PROBLEM DESCRIPTION> Write out the stretch of lines below that begins at the line with "apply/setP => w; rewrite !inE;" and ends at the line with "apply: contraT => wD.", including both, exactly as given and nothing more.

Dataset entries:
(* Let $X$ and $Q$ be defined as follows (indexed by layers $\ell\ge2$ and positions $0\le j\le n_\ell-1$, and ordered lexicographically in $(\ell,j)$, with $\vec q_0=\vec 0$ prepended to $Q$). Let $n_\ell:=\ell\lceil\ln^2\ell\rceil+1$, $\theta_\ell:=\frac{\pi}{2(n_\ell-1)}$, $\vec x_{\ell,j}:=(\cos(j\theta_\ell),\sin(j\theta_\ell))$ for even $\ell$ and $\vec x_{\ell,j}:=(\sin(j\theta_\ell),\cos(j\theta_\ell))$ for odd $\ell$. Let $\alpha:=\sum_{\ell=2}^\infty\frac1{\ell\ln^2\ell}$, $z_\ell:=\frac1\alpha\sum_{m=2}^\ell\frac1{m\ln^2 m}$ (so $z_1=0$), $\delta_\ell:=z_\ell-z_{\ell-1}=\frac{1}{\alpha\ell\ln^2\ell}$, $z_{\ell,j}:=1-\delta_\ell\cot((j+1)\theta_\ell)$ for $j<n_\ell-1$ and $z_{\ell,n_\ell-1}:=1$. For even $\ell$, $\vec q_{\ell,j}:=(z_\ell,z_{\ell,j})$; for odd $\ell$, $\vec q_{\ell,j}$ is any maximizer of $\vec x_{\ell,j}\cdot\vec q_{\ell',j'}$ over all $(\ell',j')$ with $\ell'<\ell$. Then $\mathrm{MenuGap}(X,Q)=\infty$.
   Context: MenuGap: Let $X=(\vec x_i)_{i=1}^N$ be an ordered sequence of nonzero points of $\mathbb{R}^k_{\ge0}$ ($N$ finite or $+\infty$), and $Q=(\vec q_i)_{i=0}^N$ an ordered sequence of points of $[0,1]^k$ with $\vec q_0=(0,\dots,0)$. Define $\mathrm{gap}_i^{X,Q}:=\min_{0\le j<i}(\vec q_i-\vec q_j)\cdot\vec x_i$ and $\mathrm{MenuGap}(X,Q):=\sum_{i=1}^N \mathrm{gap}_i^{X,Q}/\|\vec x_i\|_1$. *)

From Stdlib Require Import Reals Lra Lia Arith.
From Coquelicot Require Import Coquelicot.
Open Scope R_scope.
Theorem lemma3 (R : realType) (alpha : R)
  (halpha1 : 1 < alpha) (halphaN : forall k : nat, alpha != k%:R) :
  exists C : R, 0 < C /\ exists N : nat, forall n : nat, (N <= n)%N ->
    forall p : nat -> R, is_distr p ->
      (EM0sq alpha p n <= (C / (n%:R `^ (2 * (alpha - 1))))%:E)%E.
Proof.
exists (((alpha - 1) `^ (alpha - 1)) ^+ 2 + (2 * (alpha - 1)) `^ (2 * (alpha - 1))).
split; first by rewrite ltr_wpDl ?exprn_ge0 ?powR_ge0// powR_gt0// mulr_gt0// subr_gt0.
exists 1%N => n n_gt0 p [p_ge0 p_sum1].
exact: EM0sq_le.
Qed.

---

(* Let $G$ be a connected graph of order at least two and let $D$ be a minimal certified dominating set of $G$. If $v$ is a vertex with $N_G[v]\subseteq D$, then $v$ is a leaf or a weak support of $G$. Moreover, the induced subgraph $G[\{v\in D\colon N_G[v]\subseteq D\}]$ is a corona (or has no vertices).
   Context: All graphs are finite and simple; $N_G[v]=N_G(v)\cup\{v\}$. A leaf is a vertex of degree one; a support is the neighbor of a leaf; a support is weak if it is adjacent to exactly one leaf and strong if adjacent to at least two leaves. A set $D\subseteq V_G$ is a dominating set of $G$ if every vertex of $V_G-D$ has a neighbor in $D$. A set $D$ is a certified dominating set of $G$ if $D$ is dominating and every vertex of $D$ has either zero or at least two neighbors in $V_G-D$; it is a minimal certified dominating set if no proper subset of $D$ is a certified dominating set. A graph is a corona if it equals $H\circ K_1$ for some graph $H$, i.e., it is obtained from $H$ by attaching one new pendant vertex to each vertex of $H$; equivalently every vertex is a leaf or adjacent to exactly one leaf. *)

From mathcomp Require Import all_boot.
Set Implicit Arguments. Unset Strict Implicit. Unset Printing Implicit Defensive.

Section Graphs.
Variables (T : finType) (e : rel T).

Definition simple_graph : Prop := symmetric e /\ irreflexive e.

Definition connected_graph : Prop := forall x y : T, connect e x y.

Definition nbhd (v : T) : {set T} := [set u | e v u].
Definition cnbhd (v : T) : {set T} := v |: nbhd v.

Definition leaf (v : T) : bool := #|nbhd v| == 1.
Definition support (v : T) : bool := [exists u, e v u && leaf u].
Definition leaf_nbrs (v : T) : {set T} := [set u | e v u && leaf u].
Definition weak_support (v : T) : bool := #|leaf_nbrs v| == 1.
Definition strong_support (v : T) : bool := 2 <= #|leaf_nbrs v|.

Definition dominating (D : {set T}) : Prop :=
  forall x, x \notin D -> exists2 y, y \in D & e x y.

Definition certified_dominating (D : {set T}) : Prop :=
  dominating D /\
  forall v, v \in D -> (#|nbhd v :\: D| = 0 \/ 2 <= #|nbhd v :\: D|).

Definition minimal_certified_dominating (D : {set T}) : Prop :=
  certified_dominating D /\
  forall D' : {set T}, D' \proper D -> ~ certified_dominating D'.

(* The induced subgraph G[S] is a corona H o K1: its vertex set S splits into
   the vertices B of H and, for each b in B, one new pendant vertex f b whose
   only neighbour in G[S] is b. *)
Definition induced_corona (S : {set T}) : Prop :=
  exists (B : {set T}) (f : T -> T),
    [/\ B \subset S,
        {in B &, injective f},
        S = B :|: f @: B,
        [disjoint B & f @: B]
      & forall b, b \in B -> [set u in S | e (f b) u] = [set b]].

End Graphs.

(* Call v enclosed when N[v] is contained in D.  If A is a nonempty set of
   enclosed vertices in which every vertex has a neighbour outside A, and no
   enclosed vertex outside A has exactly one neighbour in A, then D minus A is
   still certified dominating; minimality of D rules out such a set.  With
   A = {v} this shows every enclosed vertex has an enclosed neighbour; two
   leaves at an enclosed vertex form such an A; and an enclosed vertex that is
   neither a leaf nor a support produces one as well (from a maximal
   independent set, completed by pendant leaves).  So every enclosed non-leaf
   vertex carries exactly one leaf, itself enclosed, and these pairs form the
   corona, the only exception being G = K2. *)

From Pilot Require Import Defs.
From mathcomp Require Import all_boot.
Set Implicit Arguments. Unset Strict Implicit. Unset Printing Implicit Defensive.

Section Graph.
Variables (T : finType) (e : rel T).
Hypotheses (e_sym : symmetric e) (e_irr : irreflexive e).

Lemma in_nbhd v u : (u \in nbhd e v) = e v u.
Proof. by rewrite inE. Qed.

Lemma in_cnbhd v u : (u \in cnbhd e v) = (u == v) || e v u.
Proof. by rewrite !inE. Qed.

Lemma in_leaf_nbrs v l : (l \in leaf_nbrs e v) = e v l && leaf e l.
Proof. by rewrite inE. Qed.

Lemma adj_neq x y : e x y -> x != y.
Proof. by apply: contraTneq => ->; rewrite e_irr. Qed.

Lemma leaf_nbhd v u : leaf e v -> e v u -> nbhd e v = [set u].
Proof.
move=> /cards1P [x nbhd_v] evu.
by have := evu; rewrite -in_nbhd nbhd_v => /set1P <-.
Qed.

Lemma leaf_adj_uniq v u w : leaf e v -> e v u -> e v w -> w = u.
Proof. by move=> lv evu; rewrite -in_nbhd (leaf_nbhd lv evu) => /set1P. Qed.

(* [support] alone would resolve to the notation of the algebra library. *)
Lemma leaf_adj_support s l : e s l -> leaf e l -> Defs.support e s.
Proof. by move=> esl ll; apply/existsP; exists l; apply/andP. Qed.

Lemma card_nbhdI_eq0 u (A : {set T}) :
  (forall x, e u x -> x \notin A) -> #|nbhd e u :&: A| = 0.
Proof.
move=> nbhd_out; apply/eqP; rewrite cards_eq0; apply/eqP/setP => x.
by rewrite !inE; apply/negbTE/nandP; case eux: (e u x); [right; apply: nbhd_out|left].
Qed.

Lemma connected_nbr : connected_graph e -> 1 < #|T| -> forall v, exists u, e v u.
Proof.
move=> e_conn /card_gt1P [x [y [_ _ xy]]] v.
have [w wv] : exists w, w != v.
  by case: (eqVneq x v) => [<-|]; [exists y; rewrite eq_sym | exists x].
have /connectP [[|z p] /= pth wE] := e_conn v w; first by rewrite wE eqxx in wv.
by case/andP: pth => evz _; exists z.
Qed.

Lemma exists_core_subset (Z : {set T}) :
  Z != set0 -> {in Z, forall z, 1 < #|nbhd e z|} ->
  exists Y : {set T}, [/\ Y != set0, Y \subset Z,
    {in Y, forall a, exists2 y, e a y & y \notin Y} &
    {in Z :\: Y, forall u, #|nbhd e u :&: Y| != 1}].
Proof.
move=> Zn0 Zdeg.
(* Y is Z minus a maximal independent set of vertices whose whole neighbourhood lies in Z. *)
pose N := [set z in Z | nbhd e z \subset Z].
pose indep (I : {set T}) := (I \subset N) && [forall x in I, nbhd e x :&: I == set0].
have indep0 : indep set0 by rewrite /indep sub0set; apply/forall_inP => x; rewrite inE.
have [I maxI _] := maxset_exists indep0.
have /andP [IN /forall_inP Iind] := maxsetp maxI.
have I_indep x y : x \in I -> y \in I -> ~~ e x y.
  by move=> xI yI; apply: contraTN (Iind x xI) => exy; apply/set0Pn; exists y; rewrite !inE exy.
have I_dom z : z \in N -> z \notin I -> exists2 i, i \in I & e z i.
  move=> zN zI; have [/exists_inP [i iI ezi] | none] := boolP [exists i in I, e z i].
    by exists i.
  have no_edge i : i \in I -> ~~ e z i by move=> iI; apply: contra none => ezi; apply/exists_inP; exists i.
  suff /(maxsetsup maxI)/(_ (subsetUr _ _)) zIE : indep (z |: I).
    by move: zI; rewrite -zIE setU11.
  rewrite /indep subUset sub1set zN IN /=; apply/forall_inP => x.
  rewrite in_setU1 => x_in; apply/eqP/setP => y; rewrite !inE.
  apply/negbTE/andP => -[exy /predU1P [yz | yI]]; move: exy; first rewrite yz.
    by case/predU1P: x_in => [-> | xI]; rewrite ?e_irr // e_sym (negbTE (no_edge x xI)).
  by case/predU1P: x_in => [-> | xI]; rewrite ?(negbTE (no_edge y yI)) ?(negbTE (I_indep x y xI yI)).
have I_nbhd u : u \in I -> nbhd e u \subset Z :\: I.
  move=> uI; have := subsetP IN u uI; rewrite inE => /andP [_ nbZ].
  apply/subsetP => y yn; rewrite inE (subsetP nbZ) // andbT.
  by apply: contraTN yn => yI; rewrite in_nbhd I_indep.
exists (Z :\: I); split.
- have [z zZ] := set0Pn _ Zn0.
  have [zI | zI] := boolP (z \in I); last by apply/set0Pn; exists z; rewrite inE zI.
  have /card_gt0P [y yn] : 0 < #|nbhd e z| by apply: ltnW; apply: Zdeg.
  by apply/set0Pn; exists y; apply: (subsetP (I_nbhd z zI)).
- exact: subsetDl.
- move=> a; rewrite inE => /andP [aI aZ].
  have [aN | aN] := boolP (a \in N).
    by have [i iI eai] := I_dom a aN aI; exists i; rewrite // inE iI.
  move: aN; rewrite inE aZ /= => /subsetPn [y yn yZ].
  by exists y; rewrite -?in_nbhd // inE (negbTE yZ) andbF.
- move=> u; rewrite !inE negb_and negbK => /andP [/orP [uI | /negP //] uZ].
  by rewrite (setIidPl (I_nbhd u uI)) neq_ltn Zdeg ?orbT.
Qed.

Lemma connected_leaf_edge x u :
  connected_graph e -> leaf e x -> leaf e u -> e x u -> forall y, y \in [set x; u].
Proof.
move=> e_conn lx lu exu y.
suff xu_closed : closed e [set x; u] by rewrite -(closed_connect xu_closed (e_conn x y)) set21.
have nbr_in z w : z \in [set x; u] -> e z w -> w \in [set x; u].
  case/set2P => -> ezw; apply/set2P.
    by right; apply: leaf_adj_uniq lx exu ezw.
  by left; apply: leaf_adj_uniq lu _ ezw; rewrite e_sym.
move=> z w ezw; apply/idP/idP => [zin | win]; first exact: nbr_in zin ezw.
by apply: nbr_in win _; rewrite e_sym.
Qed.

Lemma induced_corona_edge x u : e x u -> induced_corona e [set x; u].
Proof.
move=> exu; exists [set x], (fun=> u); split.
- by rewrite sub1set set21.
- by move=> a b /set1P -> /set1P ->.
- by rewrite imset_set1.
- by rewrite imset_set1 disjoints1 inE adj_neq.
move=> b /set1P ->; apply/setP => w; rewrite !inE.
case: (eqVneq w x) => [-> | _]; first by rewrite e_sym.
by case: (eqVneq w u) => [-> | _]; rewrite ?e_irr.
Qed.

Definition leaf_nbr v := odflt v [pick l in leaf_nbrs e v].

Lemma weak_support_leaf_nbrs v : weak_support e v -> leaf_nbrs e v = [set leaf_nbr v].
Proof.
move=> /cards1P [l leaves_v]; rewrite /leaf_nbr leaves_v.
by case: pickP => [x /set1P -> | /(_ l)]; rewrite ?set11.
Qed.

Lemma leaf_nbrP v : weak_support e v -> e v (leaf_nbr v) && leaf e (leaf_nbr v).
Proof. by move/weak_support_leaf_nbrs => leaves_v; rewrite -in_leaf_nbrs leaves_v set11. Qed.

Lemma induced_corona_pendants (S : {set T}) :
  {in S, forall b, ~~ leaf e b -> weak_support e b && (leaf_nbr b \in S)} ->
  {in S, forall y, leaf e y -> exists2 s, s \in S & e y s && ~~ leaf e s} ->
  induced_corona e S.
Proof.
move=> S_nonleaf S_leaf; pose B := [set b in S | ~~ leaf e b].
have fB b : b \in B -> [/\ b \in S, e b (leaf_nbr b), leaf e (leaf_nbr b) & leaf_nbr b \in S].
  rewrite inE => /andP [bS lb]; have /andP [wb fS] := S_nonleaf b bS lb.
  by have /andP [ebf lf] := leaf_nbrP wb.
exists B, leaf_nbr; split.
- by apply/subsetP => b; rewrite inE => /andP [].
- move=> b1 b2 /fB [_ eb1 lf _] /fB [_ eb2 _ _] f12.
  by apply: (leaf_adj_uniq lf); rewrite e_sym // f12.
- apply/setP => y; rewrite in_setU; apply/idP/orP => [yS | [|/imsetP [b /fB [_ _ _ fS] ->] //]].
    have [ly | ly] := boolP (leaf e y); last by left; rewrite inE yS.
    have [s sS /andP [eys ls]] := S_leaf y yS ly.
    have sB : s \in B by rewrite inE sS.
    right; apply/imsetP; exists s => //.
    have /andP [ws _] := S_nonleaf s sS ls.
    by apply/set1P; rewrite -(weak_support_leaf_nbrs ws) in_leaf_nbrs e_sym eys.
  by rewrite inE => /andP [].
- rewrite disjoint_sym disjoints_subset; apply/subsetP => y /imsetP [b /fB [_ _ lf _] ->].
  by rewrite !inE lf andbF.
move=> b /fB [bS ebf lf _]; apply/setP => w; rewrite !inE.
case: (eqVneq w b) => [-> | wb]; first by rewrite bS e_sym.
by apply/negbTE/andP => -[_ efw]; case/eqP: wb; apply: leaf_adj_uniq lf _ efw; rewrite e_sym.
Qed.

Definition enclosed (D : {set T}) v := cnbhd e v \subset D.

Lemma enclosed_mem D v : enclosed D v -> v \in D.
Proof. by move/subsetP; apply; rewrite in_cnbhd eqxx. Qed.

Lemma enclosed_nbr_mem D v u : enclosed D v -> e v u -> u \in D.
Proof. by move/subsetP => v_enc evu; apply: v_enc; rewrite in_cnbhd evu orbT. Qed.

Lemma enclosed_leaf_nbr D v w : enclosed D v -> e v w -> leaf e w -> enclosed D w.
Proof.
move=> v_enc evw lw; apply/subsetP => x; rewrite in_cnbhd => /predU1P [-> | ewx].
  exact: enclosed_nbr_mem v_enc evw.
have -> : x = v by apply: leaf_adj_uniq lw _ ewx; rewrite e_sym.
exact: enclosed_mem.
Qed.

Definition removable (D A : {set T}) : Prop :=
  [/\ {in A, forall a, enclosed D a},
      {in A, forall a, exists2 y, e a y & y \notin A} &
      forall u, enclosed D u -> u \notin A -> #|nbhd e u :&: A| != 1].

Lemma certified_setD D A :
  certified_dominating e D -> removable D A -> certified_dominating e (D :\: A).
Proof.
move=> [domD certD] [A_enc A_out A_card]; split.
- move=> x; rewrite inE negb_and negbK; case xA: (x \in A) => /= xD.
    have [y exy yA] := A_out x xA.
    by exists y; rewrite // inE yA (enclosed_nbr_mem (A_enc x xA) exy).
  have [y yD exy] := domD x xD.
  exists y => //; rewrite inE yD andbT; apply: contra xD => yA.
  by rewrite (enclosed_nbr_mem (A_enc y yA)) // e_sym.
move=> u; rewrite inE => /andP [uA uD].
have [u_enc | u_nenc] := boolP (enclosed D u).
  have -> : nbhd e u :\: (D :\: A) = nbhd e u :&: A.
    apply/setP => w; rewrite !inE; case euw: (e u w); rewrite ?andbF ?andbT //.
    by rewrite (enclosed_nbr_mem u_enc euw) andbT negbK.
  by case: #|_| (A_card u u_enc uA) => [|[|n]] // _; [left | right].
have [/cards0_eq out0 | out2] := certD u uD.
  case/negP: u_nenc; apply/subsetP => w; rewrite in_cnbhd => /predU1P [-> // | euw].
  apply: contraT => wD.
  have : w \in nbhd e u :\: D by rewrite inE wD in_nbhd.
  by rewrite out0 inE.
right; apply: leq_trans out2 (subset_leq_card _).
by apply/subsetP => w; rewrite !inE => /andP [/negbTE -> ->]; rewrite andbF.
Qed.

RESULT FOR THIS TASK>
    apply/setP => w; rewrite !inE; case euw: (e u w); rewrite ?andbF ?andbT //.
    by rewrite (enclosed_nbr_mem u_enc euw) andbT negbK.
  by case: #|_| (A_card u u_enc uA) => [|[|n]] // _; [left | right].
have [/cards0_eq out0 | out2] := certD u uD.
  case/negP: u_nenc; apply/subsetP => w; rewrite in_cnbhd => /predU1P [-> // | euw].
  apply: contraT => wD.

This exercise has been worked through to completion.